Hey guys, I just bought this blaster and have a good shop compressor with a lot of cfm.  Been doing a lot of reading on types of media to use or avoid for stripping old bike parts, frames, etc.  I'd like some recyclability of the media, as well as something that won't do too much harm to the underlying metals...but simply remove the paint and light grime and oxidization.

I've read a lot of reasons to NOT use sand (silica, clogs due to grain sizes, clogs due to wetness, etc) and hope to avoid going that route.

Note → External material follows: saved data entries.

(* For every integer $j\ge0$ and every $t\ge0$, $$e^{-t}\frac{t^j}{j!}=\sum_{k=j}^\infty \sigma_2(k,j)\,j!\,(-1)^{k-j}\,p_k(t),$$ the series being convergent.
   Context: $\sigma_2(k,j)$ are the Stirling numbers of the second kind; $\sigma_1(k,j)$ are the unsigned Stirling numbers of the first kind ($\sigma_1(k,j)=0$ for $k<j$, $\sigma_1(0,0)=1$); $p_k(t)=e^{-t}\sum_{m=k}^\infty \frac{t^m}{m!}\frac{\sigma_1(m,k)}{m!}$. *)

From Stdlib Require Import Reals Arith.
From Coquelicot Require Import Coquelicot.
Open Scope R_scope.

Fixpoint stirling2 (n k : nat) : nat :=
  match n, k with
  | O, O => 1%nat
  | O, S _ => 0%nat
  | S _, O => 0%nat
  | S n', S k' => (S k' * stirling2 n' (S k') + stirling2 n' k')%nat
  end.

Fixpoint stirling1 (n k : nat) : nat :=
  match n, k with
  | O, O => 1%nat
  | O, S _ => 0%nat
  | S _, O => 0%nat
  | S n', S k' => (n' * stirling1 n' (S k') + stirling1 n' k')%nat
  end.

(* p_k(t) = e^{-t} sum_{m>=k} t^m/m! * sigma1(m,k)/m!  (index shifted: m = i + k) *)
Definition p (k : nat) (t : R) : R :=
  exp (- t) * Series (fun i : nat =>
    t ^ (i + k) / INR (fact (i + k)) * INR (stirling1 (i + k) k) / INR (fact (i + k))).

From Stdlib Require Import Reals Arith Lia Lra.
From Coquelicot Require Import Coquelicot.
Open Scope R_scope.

Any recommendations of media and where to get it (online options?)

Thanks.

Nate


----------



## HIGGINSFOREVER (Apr 18, 2012)

buster1 said:


> View attachment 49164
> 
> hey guys, i just bought this blaster and have a good shop compressor with a lot of cfm.  Been doing a lot of reading on types of media to use or avoid for stripping old bike parts, frames, etc.  I'd like some recyclability of the media, as well as something that won't do too much harm to the underlying metals...but simply remove the paint and light grime and oxidization.
> 
> ...




google the eastwood co..


----------



## jpromo (Apr 18, 2012)

I've had fine luck with silica sand but I use a standalone portable shop blaster. I don't know if a handheld type one would be different. Big thing is making sure you get the air to media ratio right so that it's both economical and effective.


----------



## keithcar72 (Apr 29, 2012)

I have a cabnet that recycles its own media.  I have always used glass in it and been happy with the results.  you can get glass at northern tool.  if you want to do plastic or really soft metals you have to use walnut shell.  You can order it from eastwood, or northern it works but is really slow.


----------



## Iverider (May 7, 2012)

Don't use silica sand. It works fine the first time but after you recycle it it seems to be much less effective. If you want aggressive blast media, the black blast stuff works great. I think it's coal slag? Silica sand poses some health issues (silicosis) with repeated exposure.


----------



## jpromo (May 7, 2012)

Krautwaggen said:


> Don't use silica sand. It works fine the first time but after you recycle it it seems to be much less effective. If you want aggressive blast media, the black blast stuff works great. I think it's coal slag? Silica sand poses some health issues (silicosis) with repeated exposure.




Yeah, I never reuse the silica and always do it outside in the open with a mask. I'll definitely check into that other stuff as I'd like an alternative for sure.


----------



## JAF/CO (May 7, 2012)

the black stuff is called *clean blast *here in California
comes in different grades (sizes) 

SAND IS A NO NO


----------